Dataset entries START

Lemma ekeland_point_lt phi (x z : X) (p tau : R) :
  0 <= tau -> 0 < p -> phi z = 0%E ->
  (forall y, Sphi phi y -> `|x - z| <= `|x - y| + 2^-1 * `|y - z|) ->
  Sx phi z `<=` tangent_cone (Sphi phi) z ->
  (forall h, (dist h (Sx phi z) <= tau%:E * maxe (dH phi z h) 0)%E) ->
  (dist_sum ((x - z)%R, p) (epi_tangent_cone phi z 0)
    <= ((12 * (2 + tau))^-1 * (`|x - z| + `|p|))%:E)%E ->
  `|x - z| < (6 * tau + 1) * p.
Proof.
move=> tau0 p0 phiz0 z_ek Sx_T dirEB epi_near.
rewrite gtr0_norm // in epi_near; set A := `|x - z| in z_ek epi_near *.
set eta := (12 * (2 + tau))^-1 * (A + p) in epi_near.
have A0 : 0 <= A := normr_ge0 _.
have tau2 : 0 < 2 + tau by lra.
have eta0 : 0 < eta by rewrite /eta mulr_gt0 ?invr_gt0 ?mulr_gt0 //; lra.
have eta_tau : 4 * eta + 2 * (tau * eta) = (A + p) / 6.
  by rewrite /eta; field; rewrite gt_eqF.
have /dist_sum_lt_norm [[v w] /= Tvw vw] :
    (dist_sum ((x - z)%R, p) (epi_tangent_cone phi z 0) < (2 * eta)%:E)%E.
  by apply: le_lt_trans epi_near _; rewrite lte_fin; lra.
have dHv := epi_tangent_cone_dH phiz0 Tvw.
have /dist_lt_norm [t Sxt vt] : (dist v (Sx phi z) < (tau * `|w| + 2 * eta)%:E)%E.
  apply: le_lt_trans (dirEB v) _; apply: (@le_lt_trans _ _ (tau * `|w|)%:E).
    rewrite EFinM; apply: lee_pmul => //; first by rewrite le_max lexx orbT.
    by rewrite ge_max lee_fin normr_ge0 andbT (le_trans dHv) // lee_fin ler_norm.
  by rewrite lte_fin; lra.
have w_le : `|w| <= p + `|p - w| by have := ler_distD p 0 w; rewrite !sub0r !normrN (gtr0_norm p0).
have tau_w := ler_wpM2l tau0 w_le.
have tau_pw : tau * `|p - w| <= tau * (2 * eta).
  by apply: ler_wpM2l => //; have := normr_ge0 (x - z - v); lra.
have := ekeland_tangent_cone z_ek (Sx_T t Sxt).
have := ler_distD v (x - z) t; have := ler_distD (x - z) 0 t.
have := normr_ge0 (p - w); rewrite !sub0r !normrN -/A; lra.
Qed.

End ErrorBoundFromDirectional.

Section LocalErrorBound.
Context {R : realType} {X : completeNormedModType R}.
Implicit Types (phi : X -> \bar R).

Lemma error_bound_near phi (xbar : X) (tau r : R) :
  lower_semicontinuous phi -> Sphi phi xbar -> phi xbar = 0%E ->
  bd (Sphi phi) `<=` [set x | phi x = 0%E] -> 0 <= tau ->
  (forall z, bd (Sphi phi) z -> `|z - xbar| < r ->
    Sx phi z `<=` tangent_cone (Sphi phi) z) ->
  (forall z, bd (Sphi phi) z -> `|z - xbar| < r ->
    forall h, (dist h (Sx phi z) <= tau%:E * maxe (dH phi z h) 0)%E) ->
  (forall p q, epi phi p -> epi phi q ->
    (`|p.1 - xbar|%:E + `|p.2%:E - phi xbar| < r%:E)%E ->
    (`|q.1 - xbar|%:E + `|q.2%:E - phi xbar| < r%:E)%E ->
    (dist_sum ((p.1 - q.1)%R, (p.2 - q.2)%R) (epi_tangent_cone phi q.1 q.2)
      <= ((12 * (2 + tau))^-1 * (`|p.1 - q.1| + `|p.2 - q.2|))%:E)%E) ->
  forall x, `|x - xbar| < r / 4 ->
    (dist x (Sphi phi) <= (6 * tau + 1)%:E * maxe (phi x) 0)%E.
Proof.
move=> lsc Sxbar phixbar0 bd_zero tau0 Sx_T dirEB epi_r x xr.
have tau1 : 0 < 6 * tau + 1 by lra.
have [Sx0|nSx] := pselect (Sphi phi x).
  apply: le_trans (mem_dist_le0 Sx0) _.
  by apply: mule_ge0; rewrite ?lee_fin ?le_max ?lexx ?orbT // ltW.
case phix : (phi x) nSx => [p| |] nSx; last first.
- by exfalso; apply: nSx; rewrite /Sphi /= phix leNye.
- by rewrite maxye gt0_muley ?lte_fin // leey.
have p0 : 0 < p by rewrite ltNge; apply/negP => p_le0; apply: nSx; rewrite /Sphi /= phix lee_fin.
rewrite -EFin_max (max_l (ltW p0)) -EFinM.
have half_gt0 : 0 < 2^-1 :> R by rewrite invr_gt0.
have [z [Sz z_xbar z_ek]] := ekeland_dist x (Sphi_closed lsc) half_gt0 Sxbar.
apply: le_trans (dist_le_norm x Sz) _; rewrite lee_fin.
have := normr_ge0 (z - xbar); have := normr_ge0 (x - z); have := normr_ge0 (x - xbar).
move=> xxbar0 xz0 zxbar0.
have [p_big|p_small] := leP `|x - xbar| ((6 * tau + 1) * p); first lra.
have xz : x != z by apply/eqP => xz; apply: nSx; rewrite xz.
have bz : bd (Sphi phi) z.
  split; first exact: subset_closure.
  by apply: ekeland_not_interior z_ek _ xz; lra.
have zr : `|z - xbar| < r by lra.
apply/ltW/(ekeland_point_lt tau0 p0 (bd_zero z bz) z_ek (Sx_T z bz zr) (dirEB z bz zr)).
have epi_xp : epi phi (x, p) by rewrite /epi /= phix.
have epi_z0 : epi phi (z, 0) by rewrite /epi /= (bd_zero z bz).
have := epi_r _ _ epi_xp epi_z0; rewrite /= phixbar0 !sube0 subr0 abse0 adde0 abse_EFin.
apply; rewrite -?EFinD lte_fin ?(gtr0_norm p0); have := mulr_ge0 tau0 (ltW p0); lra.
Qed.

Dataset entries END
Dataset entries START

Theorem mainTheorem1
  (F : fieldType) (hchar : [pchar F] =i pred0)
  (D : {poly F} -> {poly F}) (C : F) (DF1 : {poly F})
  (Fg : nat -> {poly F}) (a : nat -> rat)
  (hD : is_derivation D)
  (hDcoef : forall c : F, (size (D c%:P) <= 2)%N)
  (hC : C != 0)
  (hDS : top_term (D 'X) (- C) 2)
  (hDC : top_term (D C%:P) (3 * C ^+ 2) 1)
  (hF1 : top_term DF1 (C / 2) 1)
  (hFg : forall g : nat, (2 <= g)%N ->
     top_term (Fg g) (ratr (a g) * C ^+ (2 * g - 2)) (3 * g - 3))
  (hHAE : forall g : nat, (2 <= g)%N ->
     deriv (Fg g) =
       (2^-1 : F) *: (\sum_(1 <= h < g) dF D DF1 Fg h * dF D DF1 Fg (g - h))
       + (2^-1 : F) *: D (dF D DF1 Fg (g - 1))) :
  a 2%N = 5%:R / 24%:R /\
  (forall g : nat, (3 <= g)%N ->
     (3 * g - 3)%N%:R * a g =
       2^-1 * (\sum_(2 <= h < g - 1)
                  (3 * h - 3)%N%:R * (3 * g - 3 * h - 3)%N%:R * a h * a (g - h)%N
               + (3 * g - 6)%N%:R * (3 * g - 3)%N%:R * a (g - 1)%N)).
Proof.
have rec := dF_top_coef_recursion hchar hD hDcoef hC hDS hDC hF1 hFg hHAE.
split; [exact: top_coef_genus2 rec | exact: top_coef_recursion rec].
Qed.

Dataset entries END

The output should be exactly the lines above from the line containing "Lemma ekeland_point_lt phi" to the line containing "tangent_cone (Sphi phi) z ->", inclusive, with no other lines.

(Result of this exercise)
Lemma ekeland_point_lt phi (x z : X) (p tau : R) :
  0 <= tau -> 0 < p -> phi z = 0%E ->
  (forall y, Sphi phi y -> `|x - z| <= `|x - y| + 2^-1 * `|y - z|) ->
  Sx phi z `<=` tangent_cone (Sphi phi) z ->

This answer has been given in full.